Dataset items
BEGIN

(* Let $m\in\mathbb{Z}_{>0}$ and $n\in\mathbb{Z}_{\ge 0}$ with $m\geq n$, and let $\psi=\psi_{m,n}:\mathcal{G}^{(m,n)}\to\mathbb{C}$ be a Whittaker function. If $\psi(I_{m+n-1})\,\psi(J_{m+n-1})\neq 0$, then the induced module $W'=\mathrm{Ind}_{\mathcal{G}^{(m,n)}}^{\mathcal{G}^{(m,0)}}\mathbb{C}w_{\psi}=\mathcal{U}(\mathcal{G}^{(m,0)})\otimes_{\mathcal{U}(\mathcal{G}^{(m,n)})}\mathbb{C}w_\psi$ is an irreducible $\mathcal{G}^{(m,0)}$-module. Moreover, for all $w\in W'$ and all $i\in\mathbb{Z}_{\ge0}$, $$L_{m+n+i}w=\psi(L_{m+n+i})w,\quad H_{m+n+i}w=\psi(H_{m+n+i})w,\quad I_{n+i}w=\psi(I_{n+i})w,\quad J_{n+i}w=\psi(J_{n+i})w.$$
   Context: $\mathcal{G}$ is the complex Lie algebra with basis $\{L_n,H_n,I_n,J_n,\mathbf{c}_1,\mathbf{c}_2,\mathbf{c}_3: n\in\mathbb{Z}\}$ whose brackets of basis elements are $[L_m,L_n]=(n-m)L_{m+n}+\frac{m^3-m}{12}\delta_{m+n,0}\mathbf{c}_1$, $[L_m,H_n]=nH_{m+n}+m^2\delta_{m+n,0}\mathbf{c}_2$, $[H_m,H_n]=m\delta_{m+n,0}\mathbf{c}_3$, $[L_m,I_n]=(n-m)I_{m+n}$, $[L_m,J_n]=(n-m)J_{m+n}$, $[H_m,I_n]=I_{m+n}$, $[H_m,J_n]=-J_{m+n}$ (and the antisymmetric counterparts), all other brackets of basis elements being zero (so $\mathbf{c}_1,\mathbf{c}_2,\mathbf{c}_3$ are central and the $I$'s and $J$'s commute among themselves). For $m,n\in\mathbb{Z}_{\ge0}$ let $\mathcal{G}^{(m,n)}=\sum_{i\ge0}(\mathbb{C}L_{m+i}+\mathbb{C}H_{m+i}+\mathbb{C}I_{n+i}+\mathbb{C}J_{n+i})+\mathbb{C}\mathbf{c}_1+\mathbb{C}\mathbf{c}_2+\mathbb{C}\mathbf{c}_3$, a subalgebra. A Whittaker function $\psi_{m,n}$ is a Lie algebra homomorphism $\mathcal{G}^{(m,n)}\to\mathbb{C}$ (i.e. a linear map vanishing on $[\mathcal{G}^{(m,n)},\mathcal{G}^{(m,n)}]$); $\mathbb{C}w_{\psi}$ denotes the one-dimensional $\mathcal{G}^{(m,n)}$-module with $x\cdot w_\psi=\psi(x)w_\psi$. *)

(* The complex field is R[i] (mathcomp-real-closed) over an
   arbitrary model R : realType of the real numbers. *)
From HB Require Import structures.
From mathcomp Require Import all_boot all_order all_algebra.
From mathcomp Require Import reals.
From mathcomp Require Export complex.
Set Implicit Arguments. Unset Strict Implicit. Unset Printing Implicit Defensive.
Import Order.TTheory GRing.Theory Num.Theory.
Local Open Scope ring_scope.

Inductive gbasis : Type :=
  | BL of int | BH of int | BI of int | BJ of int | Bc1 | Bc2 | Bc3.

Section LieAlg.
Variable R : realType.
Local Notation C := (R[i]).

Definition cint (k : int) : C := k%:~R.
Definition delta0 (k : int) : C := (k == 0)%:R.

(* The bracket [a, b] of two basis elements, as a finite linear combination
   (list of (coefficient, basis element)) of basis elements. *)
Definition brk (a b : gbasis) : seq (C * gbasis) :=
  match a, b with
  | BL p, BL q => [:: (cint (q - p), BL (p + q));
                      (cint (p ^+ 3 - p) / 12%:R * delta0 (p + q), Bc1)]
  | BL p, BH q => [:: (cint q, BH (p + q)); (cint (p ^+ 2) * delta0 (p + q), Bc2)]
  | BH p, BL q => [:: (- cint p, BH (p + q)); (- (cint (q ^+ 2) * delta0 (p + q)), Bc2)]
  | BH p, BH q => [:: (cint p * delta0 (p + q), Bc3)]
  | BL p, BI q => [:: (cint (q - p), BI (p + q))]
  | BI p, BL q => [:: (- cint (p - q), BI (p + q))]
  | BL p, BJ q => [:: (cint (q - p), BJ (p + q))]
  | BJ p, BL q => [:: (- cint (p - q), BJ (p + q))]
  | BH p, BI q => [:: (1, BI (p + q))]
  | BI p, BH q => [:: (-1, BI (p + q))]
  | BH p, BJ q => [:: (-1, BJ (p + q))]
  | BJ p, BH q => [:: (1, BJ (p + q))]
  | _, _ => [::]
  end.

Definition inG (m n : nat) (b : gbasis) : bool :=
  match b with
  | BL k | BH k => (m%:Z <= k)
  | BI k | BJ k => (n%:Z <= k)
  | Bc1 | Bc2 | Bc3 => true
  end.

END

Exercise requirements:
Word for word, write out all the lines shown above.

Output for this task:
(* Let $m\in\mathbb{Z}_{>0}$ and $n\in\mathbb{Z}_{\ge 0}$ with $m\geq n$, and let $\psi=\psi_{m,n}:\mathcal{G}^{(m,n)}\to\mathbb{C}$ be a Whittaker function. If $\psi(I_{m+n-1})\,\psi(J_{m+n-1})\neq 0$, then the induced module $W'=\mathrm{Ind}_{\mathcal{G}^{(m,n)}}^{\mathcal{G}^{(m,0)}}\mathbb{C}w_{\psi}=\mathcal{U}(\mathcal{G}^{(m,0)})\otimes_{\mathcal{U}(\mathcal{G}^{(m,n)})}\mathbb{C}w_\psi$ is an irreducible $\mathcal{G}^{(m,0)}$-module. Moreover, for all $w\in W'$ and all $i\in\mathbb{Z}_{\ge0}$, $$L_{m+n+i}w=\psi(L_{m+n+i})w,\quad H_{m+n+i}w=\psi(H_{m+n+i})w,\quad I_{n+i}w=\psi(I_{n+i})w,\quad J_{n+i}w=\psi(J_{n+i})w.$$
   Context: $\mathcal{G}$ is the complex Lie algebra with basis $\{L_n,H_n,I_n,J_n,\mathbf{c}_1,\mathbf{c}_2,\mathbf{c}_3: n\in\mathbb{Z}\}$ whose brackets of basis elements are $[L_m,L_n]=(n-m)L_{m+n}+\frac{m^3-m}{12}\delta_{m+n,0}\mathbf{c}_1$, $[L_m,H_n]=nH_{m+n}+m^2\delta_{m+n,0}\mathbf{c}_2$, $[H_m,H_n]=m\delta_{m+n,0}\mathbf{c}_3$, $[L_m,I_n]=(n-m)I_{m+n}$, $[L_m,J_n]=(n-m)J_{m+n}$, $[H_m,I_n]=I_{m+n}$, $[H_m,J_n]=-J_{m+n}$ (and the antisymmetric counterparts), all other brackets of basis elements being zero (so $\mathbf{c}_1,\mathbf{c}_2,\mathbf{c}_3$ are central and the $I$'s and $J$'s commute among themselves). For $m,n\in\mathbb{Z}_{\ge0}$ let $\mathcal{G}^{(m,n)}=\sum_{i\ge0}(\mathbb{C}L_{m+i}+\mathbb{C}H_{m+i}+\mathbb{C}I_{n+i}+\mathbb{C}J_{n+i})+\mathbb{C}\mathbf{c}_1+\mathbb{C}\mathbf{c}_2+\mathbb{C}\mathbf{c}_3$, a subalgebra. A Whittaker function $\psi_{m,n}$ is a Lie algebra homomorphism $\mathcal{G}^{(m,n)}\to\mathbb{C}$ (i.e. a linear map vanishing on $[\mathcal{G}^{(m,n)},\mathcal{G}^{(m,n)}]$); $\mathbb{C}w_{\psi}$ denotes the one-dimensional $\mathcal{G}^{(m,n)}$-module with $x\cdot w_\psi=\psi(x)w_\psi$. *)

(* The complex field is R[i] (mathcomp-real-closed) over an
   arbitrary model R : realType of the real numbers. *)
From HB Require Import structures.
From mathcomp Require Import all_boot all_order all_algebra.
From mathcomp Require Import reals.
From mathcomp Require Export complex.
Set Implicit Arguments. Unset Strict Implicit. Unset Printing Implicit Defensive.
Import Order.TTheory GRing.Theory Num.Theory.
Local Open Scope ring_scope.

Inductive gbasis : Type :=
  | BL of int | BH of int | BI of int | BJ of int | Bc1 | Bc2 | Bc3.

Section LieAlg.
Variable R : realType.
Local Notation C := (R[i]).

Definition cint (k : int) : C := k%:~R.
Definition delta0 (k : int) : C := (k == 0)%:R.

(* The bracket [a, b] of two basis elements, as a finite linear combination
   (list of (coefficient, basis element)) of basis elements. *)
Definition brk (a b : gbasis) : seq (C * gbasis) :=
  match a, b with
  | BL p, BL q => [:: (cint (q - p), BL (p + q));
                      (cint (p ^+ 3 - p) / 12%:R * delta0 (p + q), Bc1)]
  | BL p, BH q => [:: (cint q, BH (p + q)); (cint (p ^+ 2) * delta0 (p + q), Bc2)]
  | BH p, BL q => [:: (- cint p, BH (p + q)); (- (cint (q ^+ 2) * delta0 (p + q)), Bc2)]
  | BH p, BH q => [:: (cint p * delta0 (p + q), Bc3)]
  | BL p, BI q => [:: (cint (q - p), BI (p + q))]
  | BI p, BL q => [:: (- cint (p - q), BI (p + q))]
  | BL p, BJ q => [:: (cint (q - p), BJ (p + q))]
  | BJ p, BL q => [:: (- cint (p - q), BJ (p + q))]
  | BH p, BI q => [:: (1, BI (p + q))]
  | BI p, BH q => [:: (-1, BI (p + q))]
  | BH p, BJ q => [:: (-1, BJ (p + q))]
  | BJ p, BH q => [:: (1, BJ (p + q))]
  | _, _ => [::]
  end.

Definition inG (m n : nat) (b : gbasis) : bool :=
  match b with
  | BL k | BH k => (m%:Z <= k)
  | BI k | BJ k => (n%:Z <= k)
  | Bc1 | Bc2 | Bc3 => true
  end.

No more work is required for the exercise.